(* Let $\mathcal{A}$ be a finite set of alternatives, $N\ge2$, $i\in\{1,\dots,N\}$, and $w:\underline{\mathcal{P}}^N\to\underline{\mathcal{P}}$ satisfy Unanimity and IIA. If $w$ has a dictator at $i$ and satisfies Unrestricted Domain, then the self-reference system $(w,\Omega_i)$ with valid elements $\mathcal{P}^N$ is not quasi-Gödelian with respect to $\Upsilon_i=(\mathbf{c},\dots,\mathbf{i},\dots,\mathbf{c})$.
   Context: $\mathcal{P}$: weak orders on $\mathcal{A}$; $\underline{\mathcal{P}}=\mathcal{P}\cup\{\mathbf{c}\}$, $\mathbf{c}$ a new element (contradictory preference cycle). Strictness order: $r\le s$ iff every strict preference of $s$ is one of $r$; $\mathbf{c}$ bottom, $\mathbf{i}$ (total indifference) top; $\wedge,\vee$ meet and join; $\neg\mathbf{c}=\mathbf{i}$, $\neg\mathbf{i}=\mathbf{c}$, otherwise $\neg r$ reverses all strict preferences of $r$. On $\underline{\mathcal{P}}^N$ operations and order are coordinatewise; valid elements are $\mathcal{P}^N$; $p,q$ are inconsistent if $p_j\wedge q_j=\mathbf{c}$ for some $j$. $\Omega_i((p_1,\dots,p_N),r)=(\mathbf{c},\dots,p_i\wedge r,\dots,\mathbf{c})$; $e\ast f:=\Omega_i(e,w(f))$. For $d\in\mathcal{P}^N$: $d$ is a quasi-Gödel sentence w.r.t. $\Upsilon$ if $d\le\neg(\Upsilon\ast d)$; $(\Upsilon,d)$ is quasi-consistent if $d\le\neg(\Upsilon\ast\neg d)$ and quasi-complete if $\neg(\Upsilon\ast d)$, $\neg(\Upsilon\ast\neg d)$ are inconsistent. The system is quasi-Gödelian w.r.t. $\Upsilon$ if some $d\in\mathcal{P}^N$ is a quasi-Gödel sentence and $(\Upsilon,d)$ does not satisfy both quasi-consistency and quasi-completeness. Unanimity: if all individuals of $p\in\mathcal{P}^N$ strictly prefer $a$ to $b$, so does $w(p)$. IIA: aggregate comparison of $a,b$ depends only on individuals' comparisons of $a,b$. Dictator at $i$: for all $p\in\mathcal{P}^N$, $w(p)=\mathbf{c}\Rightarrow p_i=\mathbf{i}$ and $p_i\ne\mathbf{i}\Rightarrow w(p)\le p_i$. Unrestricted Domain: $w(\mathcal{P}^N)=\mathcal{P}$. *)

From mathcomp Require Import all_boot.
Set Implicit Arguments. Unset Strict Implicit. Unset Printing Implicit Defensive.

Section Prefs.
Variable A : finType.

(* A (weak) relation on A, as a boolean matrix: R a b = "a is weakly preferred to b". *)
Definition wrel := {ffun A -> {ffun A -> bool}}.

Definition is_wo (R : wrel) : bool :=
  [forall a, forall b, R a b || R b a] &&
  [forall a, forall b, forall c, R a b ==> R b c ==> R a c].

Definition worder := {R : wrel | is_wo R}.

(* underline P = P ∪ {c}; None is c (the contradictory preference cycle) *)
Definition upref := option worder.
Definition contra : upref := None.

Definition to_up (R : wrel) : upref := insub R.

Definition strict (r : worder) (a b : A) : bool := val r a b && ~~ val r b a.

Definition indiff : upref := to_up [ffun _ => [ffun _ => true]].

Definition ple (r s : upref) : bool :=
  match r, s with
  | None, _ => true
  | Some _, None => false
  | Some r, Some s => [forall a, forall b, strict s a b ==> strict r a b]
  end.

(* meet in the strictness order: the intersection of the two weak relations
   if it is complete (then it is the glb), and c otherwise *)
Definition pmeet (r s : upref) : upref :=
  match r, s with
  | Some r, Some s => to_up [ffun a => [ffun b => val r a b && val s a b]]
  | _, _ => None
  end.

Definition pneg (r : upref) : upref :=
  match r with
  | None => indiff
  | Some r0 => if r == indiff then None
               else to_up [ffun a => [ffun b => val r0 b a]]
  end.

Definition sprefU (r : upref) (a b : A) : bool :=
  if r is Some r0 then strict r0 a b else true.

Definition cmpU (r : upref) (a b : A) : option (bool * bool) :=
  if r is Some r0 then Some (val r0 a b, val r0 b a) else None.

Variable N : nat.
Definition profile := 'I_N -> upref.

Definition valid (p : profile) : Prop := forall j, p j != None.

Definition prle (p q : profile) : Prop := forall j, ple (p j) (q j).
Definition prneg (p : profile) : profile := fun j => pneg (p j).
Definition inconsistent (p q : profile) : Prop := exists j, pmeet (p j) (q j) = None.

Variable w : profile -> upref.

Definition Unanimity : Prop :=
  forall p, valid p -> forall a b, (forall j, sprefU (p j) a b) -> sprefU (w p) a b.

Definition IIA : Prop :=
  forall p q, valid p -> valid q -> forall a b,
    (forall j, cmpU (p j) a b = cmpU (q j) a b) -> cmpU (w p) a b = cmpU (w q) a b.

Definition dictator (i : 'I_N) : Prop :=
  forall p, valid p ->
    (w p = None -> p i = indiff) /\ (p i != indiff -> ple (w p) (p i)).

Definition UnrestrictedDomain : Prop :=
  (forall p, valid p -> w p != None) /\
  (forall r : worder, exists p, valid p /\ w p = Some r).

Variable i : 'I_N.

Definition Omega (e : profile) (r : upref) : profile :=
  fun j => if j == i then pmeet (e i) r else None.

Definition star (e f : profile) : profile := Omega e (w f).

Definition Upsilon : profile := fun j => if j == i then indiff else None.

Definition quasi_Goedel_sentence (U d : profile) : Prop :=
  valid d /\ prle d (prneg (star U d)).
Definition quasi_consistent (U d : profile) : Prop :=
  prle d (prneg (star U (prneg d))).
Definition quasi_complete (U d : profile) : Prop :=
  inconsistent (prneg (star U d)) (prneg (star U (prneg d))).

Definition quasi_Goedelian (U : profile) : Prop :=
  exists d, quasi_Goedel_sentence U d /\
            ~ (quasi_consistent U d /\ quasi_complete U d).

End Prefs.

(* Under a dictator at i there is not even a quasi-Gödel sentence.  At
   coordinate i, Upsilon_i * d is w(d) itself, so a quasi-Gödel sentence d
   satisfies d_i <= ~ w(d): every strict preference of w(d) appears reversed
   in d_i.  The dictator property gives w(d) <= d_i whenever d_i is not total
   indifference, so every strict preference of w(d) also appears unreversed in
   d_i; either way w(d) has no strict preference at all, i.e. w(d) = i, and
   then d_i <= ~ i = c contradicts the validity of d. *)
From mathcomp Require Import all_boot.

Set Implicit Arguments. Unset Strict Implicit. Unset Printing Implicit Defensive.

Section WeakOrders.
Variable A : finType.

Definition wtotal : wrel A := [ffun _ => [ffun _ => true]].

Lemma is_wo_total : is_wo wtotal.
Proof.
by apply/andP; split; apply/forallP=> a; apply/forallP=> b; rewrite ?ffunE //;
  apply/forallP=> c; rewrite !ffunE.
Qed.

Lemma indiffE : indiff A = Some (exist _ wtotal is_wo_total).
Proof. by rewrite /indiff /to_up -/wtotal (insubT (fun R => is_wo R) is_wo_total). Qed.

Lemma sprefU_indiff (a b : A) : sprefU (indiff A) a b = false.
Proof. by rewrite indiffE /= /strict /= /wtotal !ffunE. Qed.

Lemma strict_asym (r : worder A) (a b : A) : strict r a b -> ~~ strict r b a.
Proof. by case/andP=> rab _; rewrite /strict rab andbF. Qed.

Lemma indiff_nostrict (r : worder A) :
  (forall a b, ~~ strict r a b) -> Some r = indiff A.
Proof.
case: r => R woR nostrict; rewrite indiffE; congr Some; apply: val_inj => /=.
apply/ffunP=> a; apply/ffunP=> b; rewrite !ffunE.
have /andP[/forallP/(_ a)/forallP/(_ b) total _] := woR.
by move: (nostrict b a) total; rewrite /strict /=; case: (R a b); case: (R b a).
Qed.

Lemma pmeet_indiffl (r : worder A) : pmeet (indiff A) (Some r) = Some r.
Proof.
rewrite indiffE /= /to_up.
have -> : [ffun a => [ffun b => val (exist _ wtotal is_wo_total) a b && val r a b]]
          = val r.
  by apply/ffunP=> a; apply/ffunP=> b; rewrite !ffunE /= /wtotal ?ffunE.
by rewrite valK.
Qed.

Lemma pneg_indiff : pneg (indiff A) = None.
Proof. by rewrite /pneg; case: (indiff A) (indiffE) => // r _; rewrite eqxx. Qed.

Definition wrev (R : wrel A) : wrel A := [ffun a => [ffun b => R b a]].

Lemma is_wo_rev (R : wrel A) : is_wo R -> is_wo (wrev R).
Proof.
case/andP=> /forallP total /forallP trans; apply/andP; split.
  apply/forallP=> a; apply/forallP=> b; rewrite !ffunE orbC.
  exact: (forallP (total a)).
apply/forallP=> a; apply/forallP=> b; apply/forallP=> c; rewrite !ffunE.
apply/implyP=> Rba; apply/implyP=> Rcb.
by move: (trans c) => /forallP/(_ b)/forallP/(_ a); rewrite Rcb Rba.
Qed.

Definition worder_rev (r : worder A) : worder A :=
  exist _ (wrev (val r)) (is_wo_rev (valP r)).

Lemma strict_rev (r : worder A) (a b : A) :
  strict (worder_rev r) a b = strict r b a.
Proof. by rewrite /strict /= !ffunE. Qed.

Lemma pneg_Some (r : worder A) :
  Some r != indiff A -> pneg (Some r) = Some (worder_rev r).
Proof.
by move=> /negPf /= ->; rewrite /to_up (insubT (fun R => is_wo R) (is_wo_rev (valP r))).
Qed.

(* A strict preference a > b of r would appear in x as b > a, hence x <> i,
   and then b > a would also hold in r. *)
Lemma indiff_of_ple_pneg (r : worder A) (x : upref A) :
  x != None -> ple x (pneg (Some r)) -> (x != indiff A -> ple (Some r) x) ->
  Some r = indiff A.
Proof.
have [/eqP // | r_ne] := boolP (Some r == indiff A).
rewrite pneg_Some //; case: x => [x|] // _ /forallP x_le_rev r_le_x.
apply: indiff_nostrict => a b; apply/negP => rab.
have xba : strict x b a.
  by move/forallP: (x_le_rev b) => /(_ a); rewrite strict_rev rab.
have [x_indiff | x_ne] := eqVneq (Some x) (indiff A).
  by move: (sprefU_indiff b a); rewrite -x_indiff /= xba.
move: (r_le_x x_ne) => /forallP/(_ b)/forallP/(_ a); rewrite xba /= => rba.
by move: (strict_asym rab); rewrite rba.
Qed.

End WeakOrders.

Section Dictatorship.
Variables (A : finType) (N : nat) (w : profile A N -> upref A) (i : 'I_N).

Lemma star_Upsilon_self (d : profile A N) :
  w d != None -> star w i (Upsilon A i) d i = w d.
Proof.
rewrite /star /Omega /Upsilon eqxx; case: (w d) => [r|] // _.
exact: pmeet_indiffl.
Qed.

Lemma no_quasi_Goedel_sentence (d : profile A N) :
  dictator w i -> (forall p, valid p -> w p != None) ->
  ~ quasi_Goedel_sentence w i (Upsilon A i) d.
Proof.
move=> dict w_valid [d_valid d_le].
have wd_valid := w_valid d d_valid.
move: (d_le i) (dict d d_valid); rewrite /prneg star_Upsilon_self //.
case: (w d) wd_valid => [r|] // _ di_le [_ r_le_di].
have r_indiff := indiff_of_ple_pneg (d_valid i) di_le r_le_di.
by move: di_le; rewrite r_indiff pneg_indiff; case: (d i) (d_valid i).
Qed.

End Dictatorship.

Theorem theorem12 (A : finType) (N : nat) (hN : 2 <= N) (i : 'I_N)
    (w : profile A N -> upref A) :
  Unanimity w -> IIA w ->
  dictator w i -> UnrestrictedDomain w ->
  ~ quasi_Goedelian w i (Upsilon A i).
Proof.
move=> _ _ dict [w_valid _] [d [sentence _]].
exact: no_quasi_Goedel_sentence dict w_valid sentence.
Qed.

Work to complete
Which lines in the listing have the string "satisfies"? Pick them out and copy them.

Task result
(* Let $\mathcal{A}$ be a finite set of alternatives, $N\ge2$, $i\in\{1,\dots,N\}$, and $w:\underline{\mathcal{P}}^N\to\underline{\mathcal{P}}$ satisfy Unanimity and IIA. If $w$ has a dictator at $i$ and satisfies Unrestricted Domain, then the self-reference system $(w,\Omega_i)$ with valid elements $\mathcal{P}^N$ is not quasi-Gödelian with respect to $\Upsilon_i=(\mathbf{c},\dots,\mathbf{i},\dots,\mathbf{c})$.
   satisfies d_i <= ~ w(d): every strict preference of w(d) appears reversed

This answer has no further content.